June 13, 1997
NOTE: The Chief Judge’s rules concerning dual employment of nonjudicial court employees now appear at 22 NYCRR 50.3. For guidance on Part 50 (formerly Part 25), court personnel may consult the Office of Court Administration’s Nonjudicial Ethics Helpline (888-283-8442).
Digest: A full-time law clerk to a Supreme Court Justice may be allowed to be a candidate in a city school board election and may serve as a compensated member of the board, so long as such service does not interfere with the law clerk's court responsibilities and permission for such dual employment has been obtained pursuant to section 25.37 of the Rules of the Chief Judge.
Rules: 22 NYCRR 25.37; Opinion 94-19 (Vol. XII).
An Administrative Judge asks if a full-time law clerk to a Supreme Court Justice may be allowed to be a candidate for election to a city school board. Candidates in the school board elections run as political party nominees. If elected, the law clerk would receive compensation for service on the board. The school board meets in the evening and the Supreme Court Justice for whom the law clerk works has determined that service as a school board member will not interfere with the performance of the law clerk's duties and consents to the law clerk's service on the board.
The Committee has previously stated that it would be permissible for a part-time law clerk to serve on a school board. That conclusion was based upon on a determination that such service would not constitute the practice of law. Opinion 94-19 (Vol. XII). The Committee also held that service on the school board would not be proscribed so long as such activities do not interfere with law clerk's court responsibilities and the judge has no cause to restrict the clerk from performing such duties.
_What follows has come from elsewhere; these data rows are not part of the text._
Lemma actD_adD x y : actD (adD br y) x = brt br x y.
Proof.
apply: functional_extensionality => rho.
exact: (part_sumC rho (fun pi sigma => br (x pi) (y sigma))).
Qed.

Lemma in_Lt_brt x y : in_Lt x -> in_Lt y -> in_Lt (brt br x y).
Proof.
move=> [x0 [Sx Sx_supp]] [y0 [Sy Sy_supp]]; split.
  rewrite /brt /part_sum big_seq_cond big1 // => p /andP[].
  by rewrite fpowersetE fsubset0 => /eqP -> /andP[/eqP].
exists [fset (A `|` B)%fset | A in Sx, B in Sy]%fset => rho rho_notin.
rewrite /brt /part_sum big_seq_cond big1 // => pi /andP[].
rewrite fpowersetE => pi_rho _.
have [pi_Sx|] := boolP (pi \in Sx); last by move/Sx_supp ->; rewrite (lie_br0l HL).
have [rho'_Sy|] := boolP ((rho `\` pi)%fset \in Sy); last first.
  by move/Sy_supp ->; rewrite (lie_br0r HL).
move: rho_notin; rewrite -(fsetUDK pi_rho) => /negP[].
by apply/imfset2P; exists pi => //; exists (rho `\` pi)%fset.
Qed.

End TensorBracket.

Section NilpotentAd.
Variables (F : fieldType) (L : lmodType F) (br : L -> L -> L).
Hypothesis HL : lie_bracket br.
Variables (i : nat) (y : Lt L).
Hypothesis y_Dti : in_Dti i (adD br y).

Lemma brt_Dti_eq0 x rho : i \notin rho -> brt br x y rho = 0.
Proof.
by move=> i_rho; apply: big1 => pi _; apply: y_Dti; rewrite inE (negbTE i_rho) andbF.
Qed.

Lemma brt_Dti_notin x rho pi : i \in (rho `\` pi)%fset -> brt br x y pi = 0.
Proof. by rewrite inE => /andP[i_pi _]; apply: brt_Dti_eq0. Qed.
Since service on the school board would not constitute the practice of law, the same standard that applies to a part-time law clerk would apply to the full-time law clerk, i.e., such activities are permitted if they do not interfere with law clerk's court responsibilities and the judge has no cause to restrict the clerk from performing such duties.
In addition, the law clerk must receive the written approval of his/her appointing authority prior to assuming school board membership. Such approval is also subject to the written consent of the Chief Administrator of the Courts. 22 NYCRR 25.37.